● **RECORDS PROVIDED**
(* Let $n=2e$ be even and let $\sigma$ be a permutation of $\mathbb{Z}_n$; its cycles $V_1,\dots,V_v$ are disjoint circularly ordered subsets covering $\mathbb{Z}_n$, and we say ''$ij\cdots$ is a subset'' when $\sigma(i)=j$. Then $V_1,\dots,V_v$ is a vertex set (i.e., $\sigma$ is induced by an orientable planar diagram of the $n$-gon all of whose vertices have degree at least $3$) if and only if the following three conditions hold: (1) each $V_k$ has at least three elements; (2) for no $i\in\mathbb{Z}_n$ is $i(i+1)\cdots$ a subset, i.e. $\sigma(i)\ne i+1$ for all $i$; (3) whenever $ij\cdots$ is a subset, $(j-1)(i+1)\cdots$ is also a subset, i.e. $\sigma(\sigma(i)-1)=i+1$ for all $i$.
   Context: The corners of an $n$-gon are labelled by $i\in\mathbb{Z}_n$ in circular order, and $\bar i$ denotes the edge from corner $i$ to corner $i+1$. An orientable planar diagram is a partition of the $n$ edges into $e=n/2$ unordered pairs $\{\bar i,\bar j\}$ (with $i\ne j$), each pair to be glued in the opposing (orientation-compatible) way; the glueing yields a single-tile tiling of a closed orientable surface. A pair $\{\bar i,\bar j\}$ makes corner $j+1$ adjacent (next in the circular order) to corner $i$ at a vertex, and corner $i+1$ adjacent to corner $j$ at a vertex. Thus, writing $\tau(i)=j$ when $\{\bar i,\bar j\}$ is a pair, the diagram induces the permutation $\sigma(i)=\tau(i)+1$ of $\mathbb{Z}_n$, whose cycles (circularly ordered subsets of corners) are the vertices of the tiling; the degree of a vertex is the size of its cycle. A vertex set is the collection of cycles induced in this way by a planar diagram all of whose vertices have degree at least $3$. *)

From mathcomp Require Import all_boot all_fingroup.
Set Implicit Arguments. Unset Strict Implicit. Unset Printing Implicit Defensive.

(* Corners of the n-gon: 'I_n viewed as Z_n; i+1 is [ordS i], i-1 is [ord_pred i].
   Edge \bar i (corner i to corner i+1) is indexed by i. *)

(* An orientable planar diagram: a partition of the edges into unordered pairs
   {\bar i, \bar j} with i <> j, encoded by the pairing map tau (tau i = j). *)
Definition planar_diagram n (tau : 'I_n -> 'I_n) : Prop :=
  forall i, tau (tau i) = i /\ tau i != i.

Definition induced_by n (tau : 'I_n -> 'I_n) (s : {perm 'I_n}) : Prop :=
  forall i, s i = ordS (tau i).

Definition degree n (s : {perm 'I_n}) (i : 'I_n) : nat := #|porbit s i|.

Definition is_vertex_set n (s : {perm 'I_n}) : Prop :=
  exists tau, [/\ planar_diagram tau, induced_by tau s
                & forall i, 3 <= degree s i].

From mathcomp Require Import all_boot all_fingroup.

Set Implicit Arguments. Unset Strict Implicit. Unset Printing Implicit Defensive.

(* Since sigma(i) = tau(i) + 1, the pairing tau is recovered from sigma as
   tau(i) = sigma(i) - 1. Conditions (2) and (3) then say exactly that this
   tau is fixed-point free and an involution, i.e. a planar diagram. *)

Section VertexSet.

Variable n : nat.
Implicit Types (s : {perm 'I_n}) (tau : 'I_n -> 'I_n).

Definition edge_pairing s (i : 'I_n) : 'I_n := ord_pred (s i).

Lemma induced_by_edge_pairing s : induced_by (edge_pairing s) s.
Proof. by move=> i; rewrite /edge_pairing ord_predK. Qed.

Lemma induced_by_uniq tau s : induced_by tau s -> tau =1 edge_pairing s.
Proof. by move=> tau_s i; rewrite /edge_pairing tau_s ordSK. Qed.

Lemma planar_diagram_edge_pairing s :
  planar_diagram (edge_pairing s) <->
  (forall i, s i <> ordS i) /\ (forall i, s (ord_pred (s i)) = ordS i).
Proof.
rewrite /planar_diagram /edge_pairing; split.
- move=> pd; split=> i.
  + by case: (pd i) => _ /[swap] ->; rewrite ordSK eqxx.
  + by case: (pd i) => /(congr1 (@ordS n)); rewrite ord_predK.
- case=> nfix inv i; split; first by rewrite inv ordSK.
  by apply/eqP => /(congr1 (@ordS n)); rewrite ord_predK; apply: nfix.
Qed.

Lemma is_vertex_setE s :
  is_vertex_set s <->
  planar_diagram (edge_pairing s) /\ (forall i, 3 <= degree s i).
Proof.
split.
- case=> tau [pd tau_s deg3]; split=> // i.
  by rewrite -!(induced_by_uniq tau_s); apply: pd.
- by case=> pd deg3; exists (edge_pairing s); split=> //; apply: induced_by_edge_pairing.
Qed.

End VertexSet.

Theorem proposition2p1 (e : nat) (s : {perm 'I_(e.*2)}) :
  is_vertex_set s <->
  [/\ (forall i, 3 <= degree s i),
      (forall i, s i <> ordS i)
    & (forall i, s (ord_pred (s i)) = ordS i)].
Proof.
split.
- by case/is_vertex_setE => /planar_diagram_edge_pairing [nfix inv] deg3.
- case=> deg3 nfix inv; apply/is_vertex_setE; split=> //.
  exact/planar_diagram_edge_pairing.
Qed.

● **TASK OBJECTIVE**
Starting at the line that contains "- case=> nfix", copy each line exactly through the end of the listing above. Include that first line and the last one, and add nothing.

● **YOUR SOLUTION**
- case=> nfix inv i; split; first by rewrite inv ordSK.
  by apply/eqP => /(congr1 (@ordS n)); rewrite ord_predK; apply: nfix.
Qed.

Lemma is_vertex_setE s :
  is_vertex_set s <->
  planar_diagram (edge_pairing s) /\ (forall i, 3 <= degree s i).
Proof.
split.
- case=> tau [pd tau_s deg3]; split=> // i.
  by rewrite -!(induced_by_uniq tau_s); apply: pd.
- by case=> pd deg3; exists (edge_pairing s); split=> //; apply: induced_by_edge_pairing.
Qed.

End VertexSet.

Theorem proposition2p1 (e : nat) (s : {perm 'I_(e.*2)}) :
  is_vertex_set s <->
  [/\ (forall i, 3 <= degree s i),
      (forall i, s i <> ordS i)
    & (forall i, s (ord_pred (s i)) = ordS i)].
Proof.
split.
- by case/is_vertex_setE => /planar_diagram_edge_pairing [nfix inv] deg3.
- case=> deg3 nfix inv; apply/is_vertex_setE; split=> //.
  exact/planar_diagram_edge_pairing.
Qed.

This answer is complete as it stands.